Después de cinco minutos supe que la situación no mejoraría. La luz y la alegría de mi amiga habían decidido salir a dar un paseo. No obstante, opté por quedarme a su lado porque, en aquellos momentos, me había convertido en el único apoyo de Cristina. Después de haberse dado de baja por enfermedad en la pastelería, no había querido atender las llamadas de su jefa. Nuestros amigos aún no sabían nada y Javier, su novio, había desaparecido. Ni siquiera su padre estaba al tanto del estado de mi amiga.
Cristina había escogido un camino lento y silencioso hacia la muerte y yo había acabado acompañándola por pura chiripa.
—¿Qué te apetece cenar? —le pregunté al cabo de un buen rato, cuando nuestros tés se habían quedado fríos e intactos sobre la superficie de la mesa—. Venga, nena, que esto puede ser más fácil si nos lo proponemos.

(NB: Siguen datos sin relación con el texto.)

(* Let $T$ be a repeater tree with root $r$, and let $n$ be the number of $g$-type vertices of $T$. For each $h$-type vertex $h$ of $T$ let $c(h)$ be its unique child. Apply to $T$ the operations $X_h := LC_{c(h)}\,Z_h\,LC_h\,LC_{c(h)}$, one for every $h$-type vertex $h$, in an order in which every $h$-type vertex is processed before any $h$-type vertex of strictly smaller depth. Then the resulting graph is the star graph with center $r$ whose vertex set is exactly the set of $n$ $g$-type vertices of $T$. Consequently, if a graph $G$ has $T$ as a vertex-minor, then an $n$-qubit GHZ state can be obtained from the graph state $|G\rangle$ by local Pauli measurements and local Clifford operations.
   Context: All graphs are finite, simple and undirected; $N^G_a$ is the neighbourhood of $a$ in $G$. $Z_v(G)=G-v$ is vertex deletion. $LC_v(G)=(V,E\,\Delta\,K_{N^G_v})$ is local complementation ($K_{N^G_v}$ = edge set of the complete graph on $N^G_v$, $\Delta$ = symmetric difference); operators are applied right to left. A vertex-minor of $G$ is a graph obtained from $G$ by a sequence of vertex deletions and local complementations. A star graph with center $a$ is a graph in which $a$ is adjacent to every other vertex and no other edges exist. The graph state of $G=(V,E)$ is $|G\rangle=\prod_{(i,j)\in E}CZ_{i,j}|+\rangle^{\otimes V}$; local complementations correspond to local Clifford operations, a $Z$-measurement of qubit $v$ corresponds to $Z_v$, and an $X$-measurement of qubit $v$ corresponds (up to local Clifford corrections) to $LC_wZ_vLC_vLC_w$ for a neighbour $w$ of $v$; the graph state of a star graph is local-Clifford equivalent to a GHZ state on the same qubits (via Hadamards on the non-center qubits). Repeater tree: a rooted tree each of whose vertices is labelled $g$-type or $h$-type such that (1) the root and all leaves are $g$-type; (2) every root-to-leaf path has type pattern $g_0,h_1,g_1,h_2,\dots,h_{k-1},g_{k-1},g_k$ for some $k\ge1$ (for $k=1$ the path is $g_0,g_1$), where $g_i$ are $g$-type and $h_i$ are $h$-type; (3) every $h$-type vertex has exactly one child; (4) the subtree rooted at any non-leaf $g$-type vertex, with the inherited labels, is again a repeater tree. *)

From mathcomp Require Import all_boot.
Set Implicit Arguments. Unset Strict Implicit. Unset Printing Implicit Defensive.

Section Graphs.
Variable T : finType.

(* A finite simple graph on a vertex set V ⊆ T: (V, E) with E a set of 2-subsets of V. *)
Definition graph := ({set T} * {set {set T}})%type.

Definition wf_graph (G : graph) : Prop :=
  forall e, e \in G.2 ->
    exists a b, [/\ a \in G.1, b \in G.1, a != b & e = [set a; b]].

Definition nbhd (G : graph) (a : T) : {set T} :=
  [set b in G.1 | (b != a) && ([set a; b] \in G.2)].

Definition Zop (v : T) (G : graph) : graph :=
  (G.1 :\ v, [set e in G.2 | v \notin e]).

Definition clique (A : {set T}) : {set {set T}} :=
  [set [set a; b] | a in A, b in A & a != b].

Definition symdiff (A B : {set {set T}}) := (A :\: B) :|: (B :\: A).

Definition LCop (v : T) (G : graph) : graph :=
  (G.1, symdiff G.2 (clique (nbhd G v))).

(* a graph operation: (true, v) = LC_v, (false, v) = Z_v;
   a list of operations is applied from head to tail (i.e. the head acts first) *)
Definition gop (o : bool * T) (G : graph) : graph :=
  if o.1 then LCop o.2 G else Zop o.2 G.

Definition apply_ops (G : graph) (ops : seq (bool * T)) : graph :=
  foldl (fun H o => gop o H) G ops.

Definition vertex_minor (H G : graph) : Prop :=
  exists ops, apply_ops G ops = H.

Definition star (W : {set T}) (a : T) : graph :=
  (W, [set [set a; v] | v in W :\ a]).

Definition rooted_tree (V : {set T}) (r : T) (par : T -> T) : Prop :=
  [/\ r \in V, par r = r, {in V, forall v, par v \in V} &
      {in V, forall v, exists n, iter n par v = r}].

Definition children (V : {set T}) (r : T) (par : T -> T) (u : T) : {set T} :=
  [set v in V | (v != r) && (par v == u)].

Definition is_leaf V r par u : bool := children V r par u == set0.

Definition anc (par : T -> T) (u v : T) : Prop := exists n, iter n par v = u.

Definition depth (r : T) (par : T -> T) (v : T) : nat :=
  find (fun n => iter n par v == r) (iota 0 #|T|.+1).

(* labels (true = g-type, false = h-type) along the path from u down to l *)
Definition path_labels (r : T) (par : T -> T) (g : T -> bool) (u l : T) : seq bool :=
  rev [seq g (iter i par l) | i <- iota 0 (depth r par l - depth r par u).+1].

(* g_0, h_1, g_1, ..., h_{k-1}, g_{k-1}, g_k  with k >= 1 *)
Definition rep_pattern (s : seq bool) : Prop :=
  exists k, 0 < k /\ s = true :: flatten (nseq k.-1 [:: false; true]) ++ [:: true].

De pronto sentí un clac en mi interior. No por lo que yo había dicho, sino por la efímera expresión que adoptó el rostro de Cristina al oír aquello. Habría dado cualquier cosa por meterme en su cabeza y hurgar en ella, por leerle los pensamientos.
Pizza y refresco, esa fue nuestra cena. Una velada inmersa en un espeso silencio y cargada de una profunda sensación de impotencia.
Salí de casa de mi amiga en torno a las once de la noche con el alma en los pies y sintiendo un sabor a derrota contra el que, pensaba, no tenía nada que hacer. La muerte de Cristina se acercaba, y yo carecía de armas para luchar contra ella.
He pensado muchas veces en aquella cena. Tantas que llegó a obsesionarme durante un tiempo. ¿Fueron mis palabras las que llevaron a Cristina a plantearse un desenlace acelerado? ¿Tuve yo la culpa de lo que ocurrió la noche siguiente?
A día de hoy mis respuestas a esas preguntas son fáciles: puede que sí, a la primera cuestión, y rotundamente no, a la segunda. A día de hoy lo tengo claro, pero no fue así durante varios meses. La culpa llegó a atacarme con tanta insistencia que todavía sigo soñando con el cuerpo de mi amiga flotando en la bañera.